The ongoing legal battle involving former President Donald Trump and the Trump Organization, a surprising revelation has come to light. Banking expert Michiel McCarty revealed that Trump and his organization saved over $168 million through favorable loan terms linked to personal guarantees by the ex-president himself.

This revelation adds another layer to the already complex legal dispute, sparking questions about responsibility, ethics, and the impact of misleading financial reporting by public figures. The New York Attorney General’s office called on Michiel McCarty to share his expert insights regarding the alleged $168 million in questionable gains.
Judge Arthur Engoron is overseeing the fraud trial of former President Donald Trump in New York. McCarty examined lending documents related to various Trump Organization properties, including 40 Wall Street in New York, The Doral Golf Resort & Spa in Florida, Trump International Hotel & Tower in Chicago, and the Old Post Office project in Washington, D.C.

McCarty’s analysis primarily focused on the difference in interest payments Trump would have faced if the loans were based on standard commercial real estate terms with much higher interest rates. These rates would have applied if the loans weren’t dependent on Trump’s personal guarantees and were instead determined by accurate financial statements that some claim inflated Trump’s net worth.
McCarty’s findings revealed significant savings for the Trump Organization, including $72,908,308 for the Doral Resort, $53,423,209 for the Old Post Office loan, $17,443,359 for the Trump International Hotel & Tower in Chicago, and $24,265,291 for 40 Wall Street. These figures highlight the substantial financial benefits Trump and his organization allegedly gained from these favorable loan terms.
During McCarty’s testimony, Trump’s attorney, Chris Kise, raised objections, arguing that the expert shouldn’t speculate on the loan terms the Trump Organization could have secured without the alleged net worth inflation. Judge Arthur Engoron overruled these objections, emphasizing that he had already determined these gains as ill-gotten. McCarty also explained how lenders set interest rates based on risk.
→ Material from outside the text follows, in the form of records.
(* Let $n\ge 2$. Every matrix in the interior of the cone $\mathcal{CP}_n$ (interior taken in the space $\mathcal S_n$ of real symmetric $n\times n$ matrices) has infinitely many CP factorizations.
   Context: A symmetric $n\times n$ matrix $A$ is completely positive if $A=BB^T$ for some entrywise nonnegative $n\times k$ matrix $B$; such an equality is a CP factorization of $A$. $\mathcal{CP}_n$ denotes the convex cone of $n\times n$ completely positive matrices. Only CP factorizations in which the columns of $B$ are pairwise linearly independent are considered, and two CP factorizations $A=BB^T=CC^T$ are considered equal if $C=BP$ for a permutation matrix $P$. (Known fact, which may be used: the interior of $\mathcal{CP}_n$ consists exactly of the nonsingular matrices $A$ having a CP factorization $A=BB^T$ in which at least one column of $B$ is entrywise positive.) *)

From HB Require Import structures.
From mathcomp Require Import all_boot all_order all_algebra all_fingroup.
From mathcomp Require Import reals.
Set Implicit Arguments. Unset Strict Implicit. Unset Printing Implicit Defensive.
Import Order.TTheory GRing.Theory Num.Theory.
Local Open Scope ring_scope.

Definition nonneg_mx (R : realType) (m k : nat) (B : 'M[R]_(m, k)) : Prop :=
  forall i j, 0 <= B i j.

Definition CP_factorization (R : realType) (n k : nat)
  (A : 'M[R]_n) (B : 'M[R]_(n, k)) : Prop :=
  nonneg_mx B /\ A = B *m B^T.

Definition pairwise_lin_indep_cols (R : realType) (n k : nat)
  (B : 'M[R]_(n, k)) : Prop :=
  forall i j : 'I_k, i != j ->
    forall a b : R, a *: col i B + b *: col j B = 0 -> a = 0 /\ b = 0.

Definition completely_positive (R : realType) (n : nat) (A : 'M[R]_n) : Prop :=
  exists k (B : 'M[R]_(n, k)), CP_factorization A B.

(* A lies in the interior of CP_n, taken in the space S_n of real
   symmetric n x n matrices (topology of the max-entry norm; all norms
   on the finite-dimensional space S_n are equivalent). *)
Definition in_interior_CP (R : realType) (n : nat) (A : 'M[R]_n) : Prop :=
  A^T = A /\ completely_positive A /\
  exists2 eps : R, 0 < eps &
    forall M : 'M[R]_n, M^T = M ->
      (forall i j, `|M i j - A i j| < eps) -> completely_positive M.

Definition factor (R : realType) (n : nat) := {k : nat & 'M[R]_(n, k)}.

Definition factor_equiv (R : realType) (n : nat) (F G : factor R n) : Prop :=
  exists e : projT1 F = projT1 G,
    exists s : 'S_(projT1 G),
      projT2 G = castmx (erefl n, e) (projT2 F) *m perm_mx s.

From HB Require Import structures.
From mathcomp Require Import all_boot all_order all_algebra all_fingroup.
From mathcomp Require Import reals.
From Stdlib Require Import ClassicalEpsilon.
From mathcomp Require Import lra.
Import Order.TTheory GRing.Theory Num.Theory.
Local Open Scope ring_scope.
Set Implicit Arguments. Unset Strict Implicit.

(* A column v >= 0, v <> 0, spans the ray of its "direction", v scaled to
   entry sum 1; a factorization with pairwise independent columns has
   pairwise distinct column directions, and equivalent factorizations
   (equal up to a column permutation) have the same set of directions.

   1. Merging parallel columns: any sum of rank-one terms v v^T with v >= 0
      equals B B^T for a nonnegative B with pairwise independent columns
      whose directions are exactly those of the nonzero v's.
   2. If A is interior and u >= 0, then A - d u u^T is CP for small d > 0,
      so A = B0 B0^T + (sqrt d u)(sqrt d u)^T; merging yields a factorization
      of A with pairwise independent columns, one of them in direction u.
   3. The probes (1, t+1, ..., t+1) have pairwise distinct directions when
      n >= 2, so some probe direction avoids any finite list.
   4. Choosing at each stage a probe direction avoiding all directions used
      so far produces a sequence of factorizations with pairwise distinct
      direction sets, hence pairwise inequivalent. *)

Section Columns.
Variables (R : numFieldType) (n : nat).
Implicit Types (u v : 'cV[R]_n) (c : R).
The expert’s testimony aligned with Judge Engoron’s assessment of the lenders’ risk in loans backed by Trump. The findings also highlighted the risk in certain projects, such as the Doral Resort and the Old Post Office conversion, which had higher inherent risk and, coupled with alleged fraudulent financial statements, caused substantial losses for lenders.
The lack of collateral in some of these projects added to the risk, resulting in higher credit ratings during the transactions and consequently, higher interest rates. This revelation raises questions about transparency and ethical standards in financial dealings involving public figures.
Accurate financial reporting is vital for maintaining trust and accountability in business and politics. The alleged inflation of net worth to secure favorable loan terms reveals potential misconduct and deception. The outcome of this case will have far-reaching implications, not only for Trump but for the broader legal landscape, emphasizing the importance of financial transparency and ethical practices in both public and private sectors. The legal proceedings will continue to draw public attention and play a significant role in shaping the future of the former president.